There is life in our faith and not ephemeral but everlasting. There is love in the Lord’s touch, in his eyes. There is movement in his hands and speech in his mouth. There is compassion in his heart—there is certainly that. In Nain he raised a widow’s son like Elijah of old had done in Zarephath. You could almost hear the prophet’s heart as he cried out, “O God, let your life-breath come back to him.” Stretching himself over the boy because what else could he do? In dramatic moments dramatic gestures are always appropriate; it reveals the confidence and the reverence Elijah had toward God, but also the disparity of his heart and also the total investment of his body, heart and soul in his prayer.

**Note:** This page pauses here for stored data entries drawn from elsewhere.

(* Let $0\le\lambda<1$ and let $Y_1,Y_2,\ldots$ be independent and identically distributed Poisson random variables with mean $\lambda$, i.e. $\Pr(Y_i=y)=\frac{\lambda^y}{y!}e^{-\lambda}$ for $y=0,1,2,\ldots$. Define the random variable $X$ by $X=0$ if $Y_1=0$, and otherwise $$X=\min\Big\{z\ge 1:\ \sum_{i=1}^{z}Y_i\le z\Big\}.$$ Then $X$ is almost surely finite, with distribution $$\Pr(X=x)=\begin{cases} e^{-\lambda}, & x=0,\\ \lambda e^{-\lambda}, & x=1,\\ \dfrac{(x-1)^{x-2}}{x\,(x-2)!}\lambda^{x}e^{-x\lambda}, & x\ge 2,\end{cases}$$ and its first two moments are $$\mathbb{E}[X]=\frac{\lambda}{1-\lambda}e^{-\lambda},\qquad \mathbb{E}[X^2]=\frac{1-\lambda+\lambda^2}{(1-\lambda)^2}\,\mathbb{E}[X].$$
   Context: Interpretation (not needed for the statement): time is divided into slots, each containing one coded packet on the redundancy path; $Y_i$ is the number of packets lost in slot $i$ after the last decoding event, with Poisson approximation of mean $\lambda=\epsilon_c+\sum_{i\in\mathcal{P}}\alpha_i\epsilon_i$, where $\epsilon_c$ is the erasure probability of the path carrying coded packets and $\alpha_i$ is the number of information packets sent on path $i$ per coded packet; $X$ is the number of slots between consecutive decoding events. *)

From Stdlib Require Import Reals Lra Lia Arith List.
Import ListNotations.
Open Scope R_scope.

Definition poisson (lam : R) (y : nat) : R := lam ^ y / INR (fact y) * exp (- lam).

Definition weight (lam : R) (ys : list nat) : R :=
  fold_right (fun y acc => poisson lam y * acc) 1 ys.

Fixpoint box (n M : nat) : list (list nat) :=
  match n with
  | O => [[]]
  | S k => flat_map (fun y => map (cons y) (box k M)) (seq 0 (S M))
  end.

(* Partial sum Y_1 + ... + Y_z of a prefix (list index 0 is Y_1). *)
Definition psum (z : nat) (ys : list nat) : nat := fold_right Nat.add 0%nat (firstn z ys).

(* The event {X = x}, decided from the prefix (Y_1, ..., Y_max(x,1)):
   X = 0 iff Y_1 = 0; for x >= 1, X = x iff Y_1 <> 0,
   sum_{i<=x} Y_i <= x, and sum_{i<=z} Y_i > z for all 1 <= z < x
   (i.e. x is the minimal such z >= 1). *)
Definition Xeqb (x : nat) (ys : list nat) : bool :=
  match x with
  | O => Nat.eqb (nth 0 ys 0%nat) 0
  | S _ =>
      negb (Nat.eqb (nth 0 ys 0%nat) 0)
      && Nat.leb (psum x ys) x
      && forallb (fun z => Nat.ltb z (psum z ys)) (seq 1 (x - 1))
  end.

(* Probability of {X = x} AND {Y_1,...,Y_max(x,1) <= M}; as M -> oo this
   increases to Pr(X = x) (continuity of measure from below). *)
Definition trunc_prob (lam : R) (x M : nat) : R :=
  fold_right Rplus 0
    (map (fun ys => if Xeqb x ys then weight lam ys else 0)
         (box (Nat.max x 1) M)).

Definition pX (lam : R) (x : nat) : R :=
  match x with
  | O => exp (- lam)
  | S O => lam * exp (- lam)
  | _ => INR (x - 1) ^ (x - 2) / (INR x * INR (fact (x - 2)))
         * lam ^ x * exp (- INR x * lam)
  end.

From Stdlib Require Import Reals Lra Lia Arith List Bool.
From Coquelicot Require Import Coquelicot.
Import ListNotations.
Open Scope R_scope.

(* For x >= 1, X = x exactly when Y_1 >= 1 and the walk c, c + Y_2 - 1, c + Y_2 + Y_3 - 2, ...
   started at c = Y_1 - 1 first reaches 0 after x - 1 steps.  With Poisson steps this first
   hitting time has the Borel-Tanner law (c/n) (n λ)^(n-c) e^(-n λ) / (n-c)!, which is checked
   against the first-step recursion by means of binomial sums; summing over Y_1 gives the closed
   form of P(X = x), and the truncated probabilities already equal it once M >= x.
   X is finite almost surely by an exponential bound: for θ = 2 - λ one has
   E θ^Y = e^(λ(1-λ)) < θ, so the walk started at c survives N steps with probability at most
   θ^c (E θ^Y / θ)^N.
   Finally P(X = x) = a_x t^x with t = λ e^(-λ), hence Σ_x a_x (λ e^(-λ))^x = 1 - e^(-λ) on
   [0, 1); differentiating this identity once and twice in λ gives E[X] and E[X (X - 1)]. *)

(** * Finite sums *)

Fixpoint sumR (f : nat -> R) (n : nat) : R :=
  match n with O => 0 | S k => sumR f k + f k end.

Lemma sumR_ext (f g : nat -> R) (n : nat) :
  (forall i, (i < n)%nat -> f i = g i) -> sumR f n = sumR g n.
Proof.
  induction n as [|n IH]; intros Hfg; simpl; auto.
  rewrite IH, (Hfg n); auto with arith.
Qed.

Lemma sumR_plus (f g : nat -> R) (n : nat) :
  sumR (fun i => f i + g i) n = sumR f n + sumR g n.
Proof. induction n; simpl; lra. Qed.

Lemma sumR_minus (f g : nat -> R) (n : nat) :
  sumR (fun i => f i - g i) n = sumR f n - sumR g n.
Proof. induction n; simpl; lra. Qed.

Lemma sumR_scal (c : R) (f : nat -> R) (n : nat) :
  sumR (fun i => c * f i) n = c * sumR f n.
Proof. induction n; simpl; [ring | rewrite IHn; ring]. Qed.

Lemma sumR_const0 (n : nat) : sumR (fun _ => 0) n = 0.
Proof. induction n; simpl; lra. Qed.

Lemma sumR_shift (f : nat -> R) (n : nat) :
  sumR f (S n) = f O + sumR (fun i => f (S i)) n.
Proof. induction n; simpl in *; lra. Qed.

Lemma sumR_add (f : nat -> R) (n m : nat) :
  sumR f (n + m) = sumR f n + sumR (fun i => f (n + i)%nat) m.
Proof. induction m; simpl; rewrite ?Nat.add_succ_r, ?Nat.add_0_r; simpl; lra. Qed.

Lemma sumR_swap (f : nat -> nat -> R) (n m : nat) :
  sumR (fun i => sumR (fun j => f i j) m) n = sumR (fun j => sumR (fun i => f i j) n) m.
Proof.
  induction n; simpl.
  - symmetry; apply sumR_const0.
  - rewrite IHn, <- sumR_plus. reflexivity.
Qed.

Jesus raises the son of the widow in a manner dramatic for its subtleties rather than its grand gestures. Its in the way you hear him say gently to the widow, “do not weep,” and placing his hand on the bier, the bearers stand still, and I hear him nearly whispering to the boy, “young man, I say to you arise: like how caressing Jarius’ daughter, he takes her hand and says, “little girl, arise,” and they do. It’s almost as if they’re doing him a favor like a child coming out of slumber at his parent’s command despite a confused state of lingering sleepiness. It’s beautiful because it’s delicate. The resurrection of life is here almost as fragile as its cessation, but what, in reality, what could be powerful?
The miracles reveal different aspects of God: the first his majesty and power, the second his closeness and intimate tenderness. For us we see how God likes to work through compassionate hearts tender and capable of being moved, and confident that in crying out or merely whispering, they will be heard. Yes, they will be heard because there is life in our faith not ephemeral but everlasting.